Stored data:
Lemma map_curve_rpoly (F K : fieldType) (f : {rmorphism F -> K}) a :
  map_poly f (curve_rpoly a) = curve_rpoly (f a).
Proof.
by rewrite /curve_rpoly !(rmorphM, rmorphB, rmorphD, rmorph1) /= map_polyX map_polyC.
Qed.

Section CurveSquares.
Variables (F : fieldType) (a N c : F).
Hypotheses (two0 : 2%:R != 0 :> F) (five0 : 5%:R != 0 :> F) (a0 : a != 0) (c0 : c != 0).

Lemma curve_sqrM_eq1 M : c * M = - (N * (1 + a)) ->
  dpoly N c (curve_poly a) 2 = 0 \/ monge_poly N c (curve_poly a) = 0 -> M ^+ 2 = 1.
Proof.
move=> cM vanish; apply/eqP/negPn/negP => M2.
have Q1 : (curve_poly a).[1] = 0 by rewrite horner_curve_poly subrr mul0r.
have QM1 : N * (curve_poly a)^`().[1] = c * M.
  by rewrite horner_deriv_curve_poly cM; ring.
have ra0 : - a^-1 != 0 by rewrite oppr_eq0 invr_eq0.
have Qa : (curve_poly a).[- a^-1] = 0.
  by rewrite horner_curve_poly mulrN mulfV // subrr mulr0.
have QMa : N * (curve_poly a)^`().[- a^-1] = c * - M.
  by rewrite horner_deriv_curve_poly [c * _]mulrN cM; field.
case: vanish => [/(dpoly2_root_eq0 Q1 QM1 c0 (oner_neq0 _)) M1 | G].
  by rewrite M1 expr1n eqxx in M2.
apply: (opposite_roots_quad25 two0 five0).
  exact: (monge_poly_root_eq0 Q1 QM1 two0 c0 (oner_neq0 _) M2 G).
by apply: (monge_poly_root_eq0 Qa QMa two0 c0 ra0 _ G); rewrite sqrrN.
Qed.

Lemma curve_sqrN_eq1 :
  dpoly N c (curve_poly a) 2 = 0 \/
  (monge_poly N c (curve_poly a) = 0 /\ monge_poly (- N) c (curve_rpoly a) = 0) ->
  N ^+ 2 = 1.
Proof.
move=> vanish; apply/eqP/negPn/negP => N2.
have Q0 : (curve_poly a).[0] != 0.
  by rewrite horner_curve_poly subr0 mulr0 addr0 mulr1 oner_neq0.
have Qr0 : (curve_rpoly a).[0] != 0.
  by rewrite horner_curve_rpoly sub0r add0r mulN1r oppr_eq0.
case: vanish => [/(dpoly2_at0_eq0 c0 Q0) N1 | [G Gr]].
  by rewrite N1 expr1n eqxx in N2.
apply: (opposite_roots_quad25 two0 five0).
  exact: (monge_poly_at0_eq0 two0 c0 Q0 N2 G).
by apply: (monge_poly_at0_eq0 two0 c0 Qr0 _ Gr); rewrite sqrrN.
Qed.

End CurveSquares.

Section Transcendence.
Variables (F K : fieldType) (f : {rmorphism F -> K}).

Lemma transcendental_over_neqC (s : K) (c : F) : transcendental_over f s -> s != f c.
Proof.
move=> trs; have := trs _ (negbT (polyXsubC_eq0 c)).
by rewrite rmorphB /= map_polyX map_polyC hornerD hornerN hornerX hornerC subr_eq0.
Qed.

Lemma transcendental_over_exp (x : K) n :
  transcendental_over f x -> (0 < n)%N -> transcendental_over f (x ^+ n).
Proof.
move=> trx n_gt0 P P0.
have -> : (map_poly f P).[x ^+ n] = (map_poly f (P \Po 'X^n)).[x].
  by rewrite map_comp_poly map_polyXn horner_comp hornerXn.
apply: trx; apply: contraNneq P0 => /(congr1 (fun q : {poly F} => q`_(n * (size P).-1))).
by rewrite coef_comp_poly_Xn // dvdn_mulr // mulKn // coef0 => /eqP; rewrite lead_coef_eq0.
Qed.

Lemma transcendental_over_inv (s : K) :
  transcendental_over f s -> transcendental_over f s^-1.
Proof.
move=> trs P P0; have s0 : s != 0 by rewrite -(rmorph0 f) transcendental_over_neqC.
set d := (size P).-1; have sizeP : size P = d.+1 by rewrite prednK // size_poly_gt0.
pose R := \poly_(i < d.+1) P`_(d - i).
have R0 : R != 0.
  apply: contraNneq P0 => /(congr1 (fun q : {poly F} => q`_0)).
  by rewrite coef_poly subn0 coef0 /d -/(lead_coef P) => /eqP; rewrite lead_coef_eq0.
have rev : s ^+ d * (map_poly f P).[s^-1] = (map_poly f R).[s].
  rewrite horner_coef size_map_poly sizeP big_distrr /=.
  rewrite (horner_coef_wide (n := d.+1)); last by rewrite size_map_poly size_poly.
  rewrite (reindex_inj rev_ord_inj) /=; apply: eq_bigr => i _.
  rewrite !coef_map coef_poly /= subSS ltn_ord mulrCA; congr (_ * _).
  by rewrite -{1}(subnK (leq_ord i)) exprD exprVn mulrAC mulfV ?mul1r ?expf_neq0.
by apply: contraNneq (trs R R0) => /(congr1 ( *%R (s ^+ d))); rewrite rev mulr0 => ->.
Qed.

End Transcendence.

Section Derivation.
Variables (F K : fieldType) (f : {rmorphism F -> K}) (th : K -> K).
Hypotheses (thD : {morph th : u v / u + v})
           (thM : forall u v, th (u * v) = th u * v + u * th v)
           (thC : forall c, th (f c) = 0).

Lemma derivation0 : th 0 = 0.
Proof. by have := thC 0; rewrite rmorph0. Qed.

Lemma derivation1 : th 1 = 0.
Proof. by have := thC 1; rewrite rmorph1. Qed.

Lemma derivationX z k : th (z ^+ k) * z = k%:R * z ^+ k * th z.
Proof.
elim: k => [|k IH]; first by rewrite expr0 derivation1 !mul0r.
by rewrite exprS thM mulrDl -[z * _ * z]mulrA IH -natr1; ring.
Qed.

Lemma derivationX_eigen (l z : K) k : th z = l * z -> th (z ^+ k) = k%:R * l * z ^+ k.
Proof.
move=> thz; elim: k => [|k IH]; first by rewrite expr0 derivation1 !mul0r.
by rewrite exprS thM thz IH -natr1; ring.
Qed.

Lemma derivationV z : z != 0 -> th z^-1 = - th z / z ^+ 2.
Proof.
move=> z0; apply: (mulfI z0).
transitivity (th (z * z^-1) - th z * z^-1); first by rewrite thM; ring.
by rewrite mulfV // derivation1; field.
Qed.

Lemma derivation_horner (N : F) (s : K) : th s = f N * s ->
  forall P, th ((map_poly f P).[s]) = f N * s * (map_poly f P^`()).[s].
Proof.
move=> ths; elim/poly_ind => [|P c IH].
  by rewrite deriv0 rmorph0 horner0 derivation0 mulr0.
rewrite derivMXaddC !(rmorphD, rmorphM) /= map_polyX map_polyC.
by rewrite !(hornerD, hornerMX, hornerC) thD thM thC IH ths; ring.
Qed.

Section Tower.
Variables (N c : F) (Q : {poly F}) (s y : K) (u : nat -> K).
Local Notation ev P := (map_poly f P).[s].

Lemma dpolyS_eval k : ev (dpoly N c Q k.+1) =
  f N * s * ev Q * ev (dpoly N c Q k)^`() + f c * s * ev (dpoly N c Q k)
  - k%:R * (ev Q + f N * s * ev Q^`()) * ev (dpoly N c Q k).
Proof.
rewrite dpolyS !(rmorphB, rmorphD, rmorphM, rmorphMn) /= !map_polyZ /=.
rewrite !(rmorphD, rmorphM) /= map_polyX.
by rewrite !(hornerN, hornerMn, hornerD, hornerZ, hornerM, hornerX) -mulr_natl; ring.
Qed.

Hypotheses (ths : th s = f N * s) (thy : ev Q * th y = f c * s * y).
Hypotheses (u0 : u 0 = y) (thu : forall k, th (u k) = k%:R * u k + u k.+1).

Lemma dpoly_eval k : ev Q ^+ k * u k = y * ev (dpoly N c Q k).
Proof.
elim: k => [|k IH]; first by rewrite u0 expr0 rmorph1 -polyC1 hornerC mul1r mulr1.
set q := ev Q; set P := dpoly N c Q k.
have thq : th q = f N * s * ev Q^`() := derivation_horner ths Q.
have thP : th (ev P) = f N * s * ev P^`() := derivation_horner ths P.
have thqu : q ^+ k * th (u k) = th y * ev P + y * (f N * s * ev P^`()) - th (q ^+ k) * u k.
  by rewrite -thP -thM -IH thM; ring.
have thqk : q * (th (q ^+ k) * u k) = k%:R * th q * (y * ev P).
  transitivity (th (q ^+ k) * q * u k); first by ring.
  by rewrite derivationX -IH; ring.
transitivity (q * (q ^+ k * th (u k)) - k%:R * q * (q ^+ k * u k)).
  by rewrite exprS thu; ring.
rewrite thqu IH.
transitivity (f N * s * q * ev P^`() * y + ev P * (q * th y)
  - q * (th (q ^+ k) * u k) - k%:R * q * (y * ev P)); first by ring.
by rewrite thy thqk thq dpolyS_eval -/P -/q; ring.
Qed.

Lemma monge_poly_eval :
  ev Q ^+ 9 * monge (u 2) (u 3) (u 4) (u 5) = y ^+ 3 * ev (monge_poly N c Q).
Proof.
rewrite -monge_weight !dpoly_eval monge_scale.
by rewrite /monge_poly (rmorph_monge (map_poly f)) horner_monge.
Qed.

Hypotheses (trs : transcendental_over f s) (y0 : y != 0).

Lemma dpoly2_eq0 : u 2 = 0 -> dpoly N c Q 2 = 0.
Proof.
move=> u2; apply/eqP/negPn/negP => /trs/negP; apply.
by have := dpoly_eval 2; rewrite u2 mulr0 => /esym/eqP; rewrite mulf_eq0 (negbTE y0).
Qed.

Lemma monge_poly_eq0 : monge (u 2) (u 3) (u 4) (u 5) = 0 -> monge_poly N c Q = 0.
Proof.
move=> Mu; apply/eqP/negPn/negP => /trs/negP; apply.
have := monge_poly_eval; rewrite Mu mulr0 => /esym/eqP.
by rewrite mulf_eq0 expf_eq0 (negbTE y0) andbF.
Qed.

End Tower.

Lemma curve_derivation (a N : F) (m : nat) (s y : K) :
  th s = f N * s -> f a * s * y ^+ m + s + y ^+ m = 1 ->
  m%:R * ((map_poly f (curve_poly a)).[s] * th y) = - f (N * (1 + a)) * s * y.
Proof.
move=> ths E.
have curve : y ^+ m * (1 + f a * s) = 1 - s.
  by transitivity (f a * s * y ^+ m + s + y ^+ m - s); [ring | rewrite E].
have dcurve : th (y ^+ m) * (1 + f a * s) = - (f N * s) * (1 + f a * y ^+ m).
  transitivity (th (f a * s * y ^+ m + s + y ^+ m) - f N * s * (1 + f a * y ^+ m)).
    by rewrite !thD !thM thC ths; ring.
  by rewrite E derivation1 sub0r mulNr.
have norm : (1 + f a * s) * (1 + f a * y ^+ m) = 1 + f a.
  transitivity (1 + f a * (f a * s * y ^+ m + s + y ^+ m)); first by ring.
  by rewrite E mulr1.
rewrite map_curve_poly horner_curve_poly -curve.
transitivity ((1 + f a * s) ^+ 2 * (th (y ^+ m) * y)).
  by rewrite derivationX; ring.
transitivity ((1 + f a * s) * y * (th (y ^+ m) * (1 + f a * s))); first by ring.
rewrite dcurve; transitivity (- (f N * s * y) * ((1 + f a * s) * (1 + f a * y ^+ m))).
  by ring.
by rewrite norm rmorphM rmorphD rmorph1; ring.
Qed.

Lemma curve_dpoly_vanishing (a N c : F) (m : nat) (s y : K) (u : nat -> K) :
  m%:R != 0 :> F -> c * m%:R = - (N * (1 + a)) ->
  transcendental_over f s -> th s = f N * s -> f a * s * y ^+ m + s + y ^+ m = 1 ->
  u 0 = y -> (forall k, th (u k) = k%:R * u k + u k.+1) ->
  u 2 = 0 \/ monge (u 2) (u 3) (u 4) (u 5) = 0 ->
  dpoly N c (curve_poly a) 2 = 0 \/
  monge_poly N c (curve_poly a) = 0 /\ monge_poly (- N) c (curve_rpoly a) = 0.
Proof.
move=> m0 cM trs ths E u0 thu vanish.
have s0 : s != 0 by rewrite -(rmorph0 f) transcendental_over_neqC.
have y0 : y != 0.
  have m_gt0 : (0 < m)%N by rewrite lt0n; apply: contraNneq m0 => ->.
  apply: contra_neq (transcendental_over_neqC 1 trs) => y0.
  by rewrite rmorph1 -E y0 -(prednK m_gt0) exprS !mul0r mulr0 add0r addr0.
have mK : m%:R != 0 :> K by rewrite -(rmorph_nat f) fmorph_eq0.
have thy : (map_poly f (curve_poly a)).[s] * th y = f c * s * y.
  apply: (mulfI mK); rewrite (curve_derivation ths E) -rmorphN -cM rmorphM rmorph_nat.
  by ring.
have tht : th s^-1 = f (- N) * s^-1 by rewrite derivationV // ths rmorphN; field.
have thyt : (map_poly f (curve_rpoly a)).[s^-1] * th y = f c * s^-1 * y.
  transitivity (s^-1 ^+ 2 * ((map_poly f (curve_poly a)).[s] * th y)).
    by rewrite map_curve_rpoly map_curve_poly horner_curve_rpoly horner_curve_poly; field.
  by rewrite thy; field.
have trt := transcendental_over_inv trs.
case: vanish => [u2 | Mu]; [left | right].
  exact: dpoly2_eq0 ths thy u0 thu trs y0 u2.
split; first exact: monge_poly_eq0 ths thy u0 thu trs y0 Mu.
exact: monge_poly_eq0 tht thyt u0 thu trt y0 Mu.
Qed.

End Derivation.

Lemma det_mx33 (R : comNzRingType) (g : nat -> nat -> R) :
  \det (\matrix_(i < 3, j < 3) g i j) =
    g 0 0 * (g 1 1 * g 2 2 - g 2 1 * g 1 2) - g 1 0 * (g 0 1 * g 2 2 - g 2 1 * g 0 2)
    + g 2 0 * (g 0 1 * g 1 2 - g 1 1 * g 0 2).
Proof.
rewrite (expand_det_col _ 0) !big_ord_recl big_ord0 /cofactor.
by rewrite !(expand_det_col _ 0) !big_ord_recl !big_ord0 /cofactor !det_mx11 !mxE /=; ring.
Qed.

Lemma row'0_col'_mx (R : comNzRingType) (g : nat -> nat -> R) {n m : nat}
    (j0 : 'I_m.+1) :
  row' ord0 (col' j0 (\matrix_(i < n.+1, j < m.+1) g i j)) =
  \matrix_(i < n, j < m) g i.+1 (bump j0 j).
Proof. by apply/matrixP => i j; rewrite !mxE. Qed.

Lemma det_mx6_reduce (R : comNzRingType) (g : nat -> nat -> R) :
  g 0 0 = 1 -> (forall i, g i.+1 0 = 0) -> g 1 1 = 1 -> (forall i, g i.+2 1 = 0) ->
  g 2 3 = 1 -> (forall i, g i.+3 3 = 0) ->
  \det (\matrix_(i < 6, j < 6) g i j) =
    - (g 3 2 * (g 4 4 * g 5 5 - g 5 4 * g 4 5) - g 4 2 * (g 3 4 * g 5 5 - g 5 4 * g 3 5)
       + g 5 2 * (g 3 4 * g 4 5 - g 4 4 * g 3 5)).
Proof.
move=> g00 g0 g11 g1 g23 g3.
rewrite (expand_det_col _ 0) !big_ord_recl big_ord0 !mxE /= g00 !g0 !mul0r !addr0.
rewrite /cofactor row'0_col'_mx (expand_det_col _ 0) !big_ord_recl big_ord0 !mxE /=.
rewrite g11 !g1 !mul0r !addr0 /cofactor (row'0_col'_mx (fun a b => g a.+1 (bump 0 b))) /=.
rewrite (expand_det_col _ 1) !big_ord_recl big_ord0 !mxE /= g23 !g3 !mul0r !addr0 /cofactor.
rewrite (row'0_col'_mx (fun a b => g a.+2 (bump 0 (bump 0 b)))) /=.
by rewrite (det_mx33 (fun a b => g a.+3 (bump 1 b).+2)) /=; ring.
Qed.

Directions
If a line falls between the first line of the data above and the line holding "dpoly N c (curve_poly a) 2 = 0 \/ monge_poly", inclusive, retype it exactly; retype no other line.

Solution for this task
Lemma map_curve_rpoly (F K : fieldType) (f : {rmorphism F -> K}) a :
  map_poly f (curve_rpoly a) = curve_rpoly (f a).
Proof.
by rewrite /curve_rpoly !(rmorphM, rmorphB, rmorphD, rmorph1) /= map_polyX map_polyC.
Qed.

Section CurveSquares.
Variables (F : fieldType) (a N c : F).
Hypotheses (two0 : 2%:R != 0 :> F) (five0 : 5%:R != 0 :> F) (a0 : a != 0) (c0 : c != 0).

Lemma curve_sqrM_eq1 M : c * M = - (N * (1 + a)) ->
  dpoly N c (curve_poly a) 2 = 0 \/ monge_poly N c (curve_poly a) = 0 -> M ^+ 2 = 1.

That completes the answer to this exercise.